By employing race to explicate Aramco, Dr. Vitalis not only misunderstands certain events but misses a basic truth: Aramco's espousal of partnership was not just a public-relations ploy. Corporate officials believed that shared benefits assured Aramco's long-term success in the kingdom, assuaging an inherent cultural aversion to its Western presence and the not-so-subtle affront it represents to the king's sovereignty: an element critical to his power yet not under his control.
Aramco was obligated by the very nature of the oil industry — the capital investment required and the consequential imperative to exploit for the longest time possible the oil reserves discovered — to adopt a long view. The terms of the concession were measured not in years but decades. Thus, key personnel came to understand that Aramco had to respond attentively and effectively to the impact of its operations and the constraints upon them. Such an approach wouldn't assure success, but without it, failure was guaranteed.

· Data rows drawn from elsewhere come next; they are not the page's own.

Lemma optimal_block_anchored n w J e G Pidle Pwork sigma r s :
  wf_instance n w J e -> optimal_schedule n w J e G Pidle Pwork sigma ->
  (forall sigma', optimal_schedule n w J e G Pidle Pwork sigma' ->
     start_sum n sigma <= start_sum n sigma') ->
  1 <= r <= s -> s <= n -> tight w sigma r s ->
  r = 1 \/ sigma r.-1 + w r.-1 < sigma r -> s = n \/ sigma s + w s < sigma s.+1 ->
  in_E J e (sigma r) \/ in_E J e (sigma s + w s).
Proof.
move=> [w_pos [e0 _]] [valid_sg opt_sg] min_sg r_s s_n tight_sg gap_r gap_s.
case: (classic (in_E J e (sigma r))) => [|a_E]; [by left | right].
apply: NNPP => b_E.
have a_pos : 0 < sigma r by case: (posnP (sigma r)) => // a0; case: a_E; left.
have b_T : sigma s + w s < horizon J e.
  by apply: lt_horizon_of_notin_E => //; apply: (completion_le_horizon valid_sg); lia.
pose adv := advance_block r s sigma.
have sg_adv i : 1 <= i <= n -> sigma i = delay_block r s adv i.
  move=> i_n; apply: delay_advance_block => i_rs.
  by have := start_mono valid_sg.1 (i := r) (j := i) ltac:(lia) ltac:(lia); lia.
have valid_adv := valid_undelay r_s s_n sg_adv valid_sg gap_r.
have valid_del := valid_delay r_s s_n (fun _ _ => erefl) valid_sg gap_s (fun _ => b_T).
have adv_r : adv r = sigma r - 1 by rewrite /adv /advance_block ifT //; lia.
have adv_s : adv s + w s = sigma s + w s - 1.
  rewrite /adv /advance_block ifT; last lia.
  by have := start_mono valid_sg.1 (i := r) (j := s) r_s s_n; lia.
have room_adv : adv s + w s < horizon J e by rewrite adv_s; lia.
have cost_del := carbon_cost_delay r_s s_n (fun _ _ => erefl) w_pos valid_sg.1 tight_sg
  G Pidle Pwork gap_s b_T.
have cost_adv := carbon_cost_delay r_s s_n sg_adv w_pos valid_adv.1
  (tight_undelay r_s s_n sg_adv tight_sg) G Pidle Pwork
  (gap_undelay r_s s_n sg_adv valid_sg.1) room_adv.
(* The left move flips the slots a - 1 and b - 1, which cost the same as a and b:
   its cost change is the opposite of that of the right move. *)
rewrite adv_r adv_s !slot_cost_pred // in cost_adv.
have := opt_sg _ valid_adv; have := opt_sg _ valid_del => le_del le_adv.
have opt_adv : optimal_schedule n w J e G Pidle Pwork adv.
  by split=> // sigma' valid'; have := opt_sg _ valid'; lia.
by have := min_sg _ opt_adv; have := start_sum_undelay r_s s_n sg_adv; lia.
Qed.

Theorem mainTheorem3 (n : nat) (w : nat -> nat) (J : nat) (e : nat -> nat)
    (G : nat -> nat) (Pidle Pwork : nat) :
  wf_instance n w J e ->
  (exists sigma, valid_schedule n w J e sigma) ->
  exists sigma, optimal_schedule n w J e G Pidle Pwork sigma /\
    forall u, 1 <= u <= n -> in_E' n w J e u (sigma u + w u).
Proof.
move=> wf feasible.
have [sg0 opt_sg0] := ex_argmin (carbon_cost n w J e G Pidle Pwork) feasible.
have [sg [opt_sg min_sg]] :=
  ex_argmin (start_sum n) (ex_intro (optimal_schedule n w J e G Pidle Pwork) sg0 opt_sg0).
exists sg; split=> // u u_n.
have [r [s [r_u u_s tight_sg gap_r gap_s]]] := maximal_tight_block opt_sg.1.1 u_n.
have tight_in r' s' : r <= r' -> s' <= s -> tight w sg r' s'.
  by move=> r_r' s'_s i i_rs; apply: tight_sg; lia.
have r_s : 1 <= r <= s by lia.
have s_n : s <= n by lia.
have [a_E|b_E] := optimal_block_anchored wf opt_sg min_sg r_s s_n tight_sg gap_r gap_s.
- left; exists (sg r), r; split=> //; split; [lia | split; [lia | ]].
  by apply: completion_of_tight; [lia | apply: tight_in; lia].
- right; exists (sg s + w s), s; split=> //; split; [lia | split; [lia | ]].
  rewrite (completion_of_tight (r := u) (s := s)); [| lia | apply: tight_in; lia].
  by rewrite (@big_ltn _ _ _ u s.+1) ?addnA //; lia.
Qed.
(* $$S^{(0)}(x,t,c,\eta)-S^{(0)}(x,t,c-\eta^{-1},\eta)=-\frac{\partial}{\partial x}\log\Big(f^{(0)}(x,t,c,\eta)+g^{(0)}(x,t,c,\eta)\,S^{(0)}(x,t,c,\eta)\Big),$$ where $S^{(0)}(x,t,c-\eta^{-1},\eta)$ is the corresponding formal Riccati solution built from the 0-parameter solution with parameter $c-\eta^{-1}$ (re-expanded in $\eta^{-1}$).
   Context: Let $\eta$ be a large parameter, $c\neq0$. Let $\lambda_0$ be a branch of $2\lambda_0^3+t\lambda_0+c=0$ and $(\lambda^{(0)},\nu^{(0)})$ the 0-parameter solution of $(H_{\rm II})$: $\frac{d\lambda}{dt}=\eta\nu$, $\frac{d\nu}{dt}=\eta(2\lambda^3+t\lambda+c)$ (the formal power series solution in $\eta^{-1}$ with leading terms $\lambda_0,0$). Let $Q^{(0)}_{\rm II}=x^4+tx^2+2cx+(\nu^{(0)})^2-((\lambda^{(0)})^4+t(\lambda^{(0)})^2+2c\lambda^{(0)})-\eta^{-1}\frac{\nu^{(0)}}{x-\lambda^{(0)}}+\eta^{-2}\frac{3}{4(x-\lambda^{(0)})^2}$ with leading term $Q_0=(x-\lambda_0)^2(x^2+2\lambda_0x+3\lambda_0^2+t)$, and $S^{(0)}$ the formal solution of $S^2+\partial_xS=\eta^2Q^{(0)}_{\rm II}$ with leading term $\eta\sqrt{Q_0}$ (fixed branch). Let $\Lambda(\lambda,\nu)=-\lambda+\frac{c-\frac12\eta^{-1}}{\nu-\lambda^2-\frac12t}$ (Bäcklund transformation). Define $f=(x-\Lambda(\lambda,\nu))^{-1/2}(x-\lambda)^{-1/2}\big\{x^2-\lambda^2+\nu-\eta^{-1}\frac{1}{2(x-\lambda)}\big\}$ and $g=-\eta^{-1}(x-\Lambda(\lambda,\nu))^{-1/2}(x-\lambda)^{-1/2}$, and let $f^{(0)},g^{(0)}$ be the formal power series in $\eta^{-1}$ obtained by substituting $(\lambda,\nu)=(\lambda^{(0)},\nu^{(0)})$ (the common branch of the square root factor is irrelevant). *)

(* Formal power series in eta^{-1} with coefficients in a
   differential field K (a field of functions of x, t, c with the partial
   derivatives d/dx, d/dt, d/dc).  A series is a map  nat -> K :
   F = \sum_n F n * eta^{-n}. *)
From HB Require Import structures.
From mathcomp Require Import all_boot all_order all_algebra.
Set Implicit Arguments. Unset Strict Implicit. Unset Printing Implicit Defensive.
Import Order.TTheory GRing.Theory Num.Theory.
Local Open Scope ring_scope.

Ultimately, the oil concession represented as much a social contract as a business agreement.
While I clearly disagree with Dr. Vitalis' own exploration of the "meaning" of Aramco, his study ably illustrates the inevitable tension grounded in the desire among Saudi nationals and their state to continually expand control over the company. He understands that Aramco must be seen as one piece of a much broader interaction between different systems of social, economic and culture ordering, not merely as a narrow operational agent for the exploitation of hydrocarbons. And one cannot but applaud his passionate desire to excoriate any evidence of corporate flummery. For those with more than a passing familiarity with Saudi Arabia, the book contributes value, not in the answers it proffers to key questions, but in the provocative manner by which issues are addressed. It strikes me, first and foremost, as an ideal text to stimulate debate within a graduate seminar. But it is not the first book an interested novice should turn to when struggling to comprehend America's "moment" in the Middle East.